July 8, 2019

Monthly Breach Report: July 2019 Edition


With every passing year, data breach threats are growing at a robust pace and showing no signs of slowing down. Moreover, these threats are not just regarding the overall number of data breach incidents but also their cost, giving sleepless nights to people from the technology side of an enterprise as well as C-level executives.

Trends show a notable surge in hacked and breached data from sources commonly used in the workplace. Unprotected data and weak cybersecurity practices are some of the reasons why businesses have become soft targets of data breaches.

Here are some of the most prominent data breaches that just emerged last month.

Quest Diagnostics

Last month, US-based clinical laboratory Quest Diagnostics became a target of a data breach that approximately impacted 12 million of its consumers’ personal, financial, and medical data. It was impacted when one of its vendor’s system was accessed by an unauthorized entity.

AMCA, one of the billing collections vendor of Quest Diagnostics, encountered this issue between August 1, 2018, and March 30, 2019. Reports suggest that the breached information included credit card numbers, bank account information, and Social Security numbers.

In a filing with securities regulator, Quest announced that the medical data of customers was compromised in this breach. But the vendor didn’t have the actual lab results of the affected patients, which signifies that the data was not affected.

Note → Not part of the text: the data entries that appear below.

Definition qform (A : 'I_m -> V) (Q : 'I_m -> 'I_m -> V) (x : V) : V :=
  \sum_(j < m) c j x *: A j + \sum_(j < m) \sum_(k < m) (c j x * c k x) *: Q j k.

Definition quadratic (w : int) (f : V -> V) := exists A Q,
  [/\ forall j, weight w (A j), forall j k, weight w (Q j k) &
      forall x, weight 2 x -> f x = qform A Q x].

Lemma qform_weight w A Q x : (forall j, weight w (A j)) ->
  (forall j k, weight w (Q j k)) -> weight w (qform A Q x).
Proof.
move=> A_wt Q_wt; apply: weightD; apply: weight_sum => j _; first exact: weightZ.
by apply: weight_sum => k _; apply: weightZ.
Qed.

Section LinearFunctional.
Variables (phi : V -> F) (phi_linear : linear_for *%R phi).
HB.instance Definition _ := GRing.isLinear.Build F V F *%R phi phi_linear.

Lemma qform_functional A Q x : phi (qform A Q x) =
  \sum_(j < m) c j x * phi (A j) + \sum_(j < m) \sum_(k < m) (c j x * c k x) * phi (Q j k).
Proof.
rewrite linearD /= !linear_sum; congr (_ + _); apply: eq_bigr => j _ /=.
  exact: linearZ.
by rewrite linear_sum; apply: eq_bigr => k _; exact: linearZ.
Qed.

Lemma polyfun_qform A Q : polyfun (fun x => phi (qform A Q x)).
Proof.
rewrite (functional_extensionality _ _ (qform_functional A Q)); apply: pf_add.
  apply: (polyfun_sum (f := fun j x => c j x * phi (A j))) => j.
  by apply: pf_mul; [apply: pf_lin; exact: c_linear | exact: pf_const].
apply: (polyfun_sum (f := fun j x => \sum_(k < m) (c j x * c k x) * phi (Q j k))) => j.
apply: (polyfun_sum (f := fun k x => (c j x * c k x) * phi (Q j k))) => k.
by apply: pf_mul; [apply: pf_mul; apply: pf_lin; exact: c_linear | exact: pf_const].
Qed.

Lemma quadratic_scale w w' f v : weight w' v -> quadratic w f ->
  quadratic w' (fun x => phi (f x) *: v).
Proof.
move=> v_wt [A [Q [_ _ fE]]].
exists (fun j => phi (A j) *: v), (fun j k => phi (Q j k) *: v).
split=> [j|j k|x x_wt]; try exact: weightZ.
rewrite fE // qform_functional scalerDl !scaler_suml; congr (_ + _).
  by apply: eq_bigr => j _; rewrite scalerA.
by apply: eq_bigr => j _; rewrite scaler_suml; apply: eq_bigr => k _; rewrite scalerA.
Qed.

End LinearFunctional.

Lemma quadraticB w f g : quadratic w f -> quadratic w g ->
  quadratic w (fun x => f x - g x).
Proof.
move=> [A [Q [A_wt Q_wt fE]]] [A' [Q' [A'_wt Q'_wt gE]]].
exists (fun j => A j - A' j), (fun j k => Q j k - Q' j k).
split=> [j|j k|x x_wt]; try exact: weightB.
rewrite fE ?gE // /qform opprD addrACA -!sumrB; congr (_ + _).
  by apply: eq_bigr => j _; rewrite scalerBr.
by apply: eq_bigr => j _; rewrite -sumrB; apply: eq_bigr => k _; rewrite scalerBr.
Qed.

Lemma quadratic_mode_om n : quadratic (3 - n) (mode om n).
Proof.
exists (fun j => mode om n (t j)), (fun _ _ => 0); split=> [j|j k|x x_wt].
- exact: weight_mode2 weight_om (t_weight j).
- exact: weight0.
- rewrite /qform [X in _ + X]big1 ?addr0 => [|j _]; last first.
    by rewrite big1 // => k _; rewrite scaler0.
  by rewrite {1}(c_span x_wt) linear_sum; apply: eq_bigr => j _; rewrite linearZ.
Qed.

Lemma quadratic_mode_diag n : quadratic (3 - n) (fun x => mode x n x).
Proof.
exists (fun _ => 0), (fun j k => mode (t j) n (t k)); split=> [j|j k|x x_wt].
- exact: weight0.
- exact: weight_mode2.
- rewrite /qform big1 ?add0r => [|j _]; last exact: scaler0.
  rewrite {1 2}(c_span x_wt) mode_suml; apply: eq_bigr => j _.
  by rewrite modeZl linear_sum scaler_sumr; apply: eq_bigr => k _; rewrite linearZ scalerA.
Qed.

Lemma quadratic_zero_closed w f : quadratic w f ->
  zariski_closed_in (weight 2) (fun x => weight 2 x /\ f x = 0).
Proof.
move=> [A [Q [A_wt Q_wt fE]]].
have [mw [tw [cw [cw_lin _ cw_span]]]] := weight_coordinates w.
have cw0 l : cw l 0 = 0.
  have := cw_lin l 1 0 0; rewrite scale1r addr0 mul1r => dup.
  by apply: (addrI (cw l 0)); rewrite addr0 -dup.
exists mw, (fun l x => cw l (qform A Q x)); split=> [l|x].
  exact: polyfun_qform.
split=> [[x_wt fx0]|[x_wt cw_qf0]]; split=> //; first by move=> l; rewrite -fE // fx0 cw0.
rewrite fE // (cw_span _ (qform_weight x A_wt Q_wt)).
by apply: big1 => l _; rewrite cw_qf0 scale0r.
Qed.

End QuadraticMaps.

End VertexOperatorAlgebra.

Theorem theorem1p1 (F : numClosedFieldType) (V : lmodType F)
  (mode : V -> int -> V -> V) (vac om : V) :
  is_VOA mode (fun _ => True) vac om ->
  zariski_closed_in (fun v => Lop mode om 0 v = 2%:R *: v) (Sc mode vac om).
Proof.
move=> HV.
have [m [t [c [c_lin t_wt c_span]]]] := weight_coordinates HV 2.
have [psi psi_lin psi_vac] := vac_functional HV.
have [K low] := low_weights_vanish HV.
have closed := quadratic_zero_closed HV c_lin.
have diag := quadratic_mode_diag HV t_wt c_span.
apply: eq_zariski_closed (fun x => iff_sym (Sc_truncated HV psi_lin psi_vac low x)) _.
apply: zariski_closedI.
  apply: zariski_closed_bigI => n.
  exact: closed (quadraticB HV (quadratic_mode_om HV t_wt c_span n) (diag n)).
apply: zariski_closedI; first exact: closed (diag 2).
apply: zariski_closedI.
  have scaled := quadratic_scale HV psi_lin (weight_vac HV) (diag 3).
  exact: closed (quadraticB HV (diag 3) scaled).
by apply: zariski_closed_bigI => n; exact: closed (diag _).
Qed.
(* A pair is realised by a first codeword [c] of a gamma-chain, which [ddgamma_first]
   leaves unchanged; if [c] has a single bit, the second one comes from the next table. *)
Lemma mem_P2_ddot4 k c : #|P2 F k| = 4 -> (forall s, f k s != [::]) ->
  c \in P2 (ddot F) k.
Proof.
move=> Hk Hne; elim/tuple2_ind: c => x y.
case/P2P: (card4_tuple2 Hk [tuple x; y]) => x1 [w]; rewrite fstar_cons => Hp.
have [c [[/codewordP[s Es] Mc] Pc _]] := ddot_f_head_chain k x1.
have Hs : ddot_f F k s = c by rewrite ddot_f_minimal ?Es ?ddgamma_first4.
have := prefixes_cmp Hp (prefix_catl _ Pc).
move: (Hne s); rewrite Es; case: c {Es Pc Mc} Hs => [|g1 [|g2 r]] Hs //= _.
  rewrite prefix_cmp_cons => /andP[/eqP-> _].
  have [x' [w' Hw]] := ddot_fstar_head (tau k s) y.
  by apply/P2P; exists s, (x' :: w'); rewrite fstar_ddot_cons Hs /= eqxx.
rewrite !prefix_cmp_cons => /and3P[/eqP-> /eqP-> _].
by apply: (P2_codeword (F := ddot F) (s := s)); rewrite /= Hs prefix_prefix.
Qed.

Lemma P2_ddot4 k : #|P2 F k| = 4 -> P2 (ddot F) k =
  [set [tuple false; false]; [tuple false; true]; [tuple true; false]; [tuple true; true]].
Proof.
move=> Hk; apply/setP; elim/tuple2_ind => x y.
rewrite !in_setU !in_set1 !eq_tuple2 [RHS](_ : _ = true); last by case: x; case: y.
have [s0 /eqP Es0|Hne] := pickP (fun s => f k s == [::]).
  exact: mem_P2_ddot_nil Es0.
by apply: mem_P2_ddot4 => // s; rewrite Hne.
Qed.

Lemma Pbark0_codewordP k s :
  reflect (exists t, pprefix (f k s) (f k t)) (Pbark F k (f k s) 0 != set0).
Proof.
apply: (iffP (set0Pn _)) => [[c /PbarkP[t [w [_ Ht]]]]|[t Ht]]; first by exists t.
exists [tuple]; apply/PbarkP; exists t, [::]; split=> //.
by rewrite cats0 fstar_cons prefix_catl ?pprefixW.
Qed.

The diagnostics lab, which has operations spread across 2,200 locations in the US, has collaborated with forensic experts to take stock of the situation with interest to control similar incidents from happening in the future.

CNN Business


Soon after Quest Diagnostics witnessed a data breach, US-based global life sciences enterprise LabCorp encountered a data hack as well. The mishap happened at Quest Diagnostics’ billings collection firm affecting the personal data of 7.7-million customers.

LabCorp further revealed that third-party collections enterprise AMCA witnessed an unauthorized activity between August 2018 and March 30, 2019. The affected information included first and last name, date of birth, address, phone, date of service, provider, balance information, and credit card or bank account information that was shared by the customers.

AMCA has decided to notify only those customers whose information was included and to offer credit monitoring and identity protection services for a period of two years.

Also, a third-party external forensics team has been hired to probe the attack in detail and adopt measures to increase their systems’ security.

USA Today

Mermaids Transgender Charity

Mermaids Transgender Charity issued an apology after it was hit by a data breach causing some of its email database to leak online. Reported by Sunday Times, the data leak made information of more than 1,000 pages of confidential emails sent between 2016 and 2017 available online. The affected data comprised details—such as names, addresses, telephone numbers—of the people Mermaids Transgender Charity was planning to help.

When Mermaids UK was informed about the incident, they removed the content immediately and issued a clarification that there was no evidence of any misuse of the leaked data. They also stated that they have the necessary resources and support to contain such incidents from occurring in the future.

With the European GDPR already in effect, the charity has informed the stakeholders, Charity Commission, as well as families impacted by the breach.


AIA Singapore

Personal Data Protection Commission (PDPC) recently slapped a hefty penalty worth SG$10,000 on AIA Singapore. The fine was imposed when the insurance player mistakenly shared 245 letters meant for various customers sent to just two customers. Generated between December 22-27, 2017, the letters included 237 integrated shield plan premium notice letters, four integrated shield plan premium notice reminder letters, three change-of-payroll letters, and one modified terms-of-coverage letter. One of the customers received 179 letters and the other one got the remaining 66.

AIA learned about the incident when one of the customers, who received these confidential letters, pointed out the mistake on a social media post. While AIA has taken complete responsibility for this mishap and resorted to remedial steps, the insurance player also announced the implementation of new software to resolve the error in the system.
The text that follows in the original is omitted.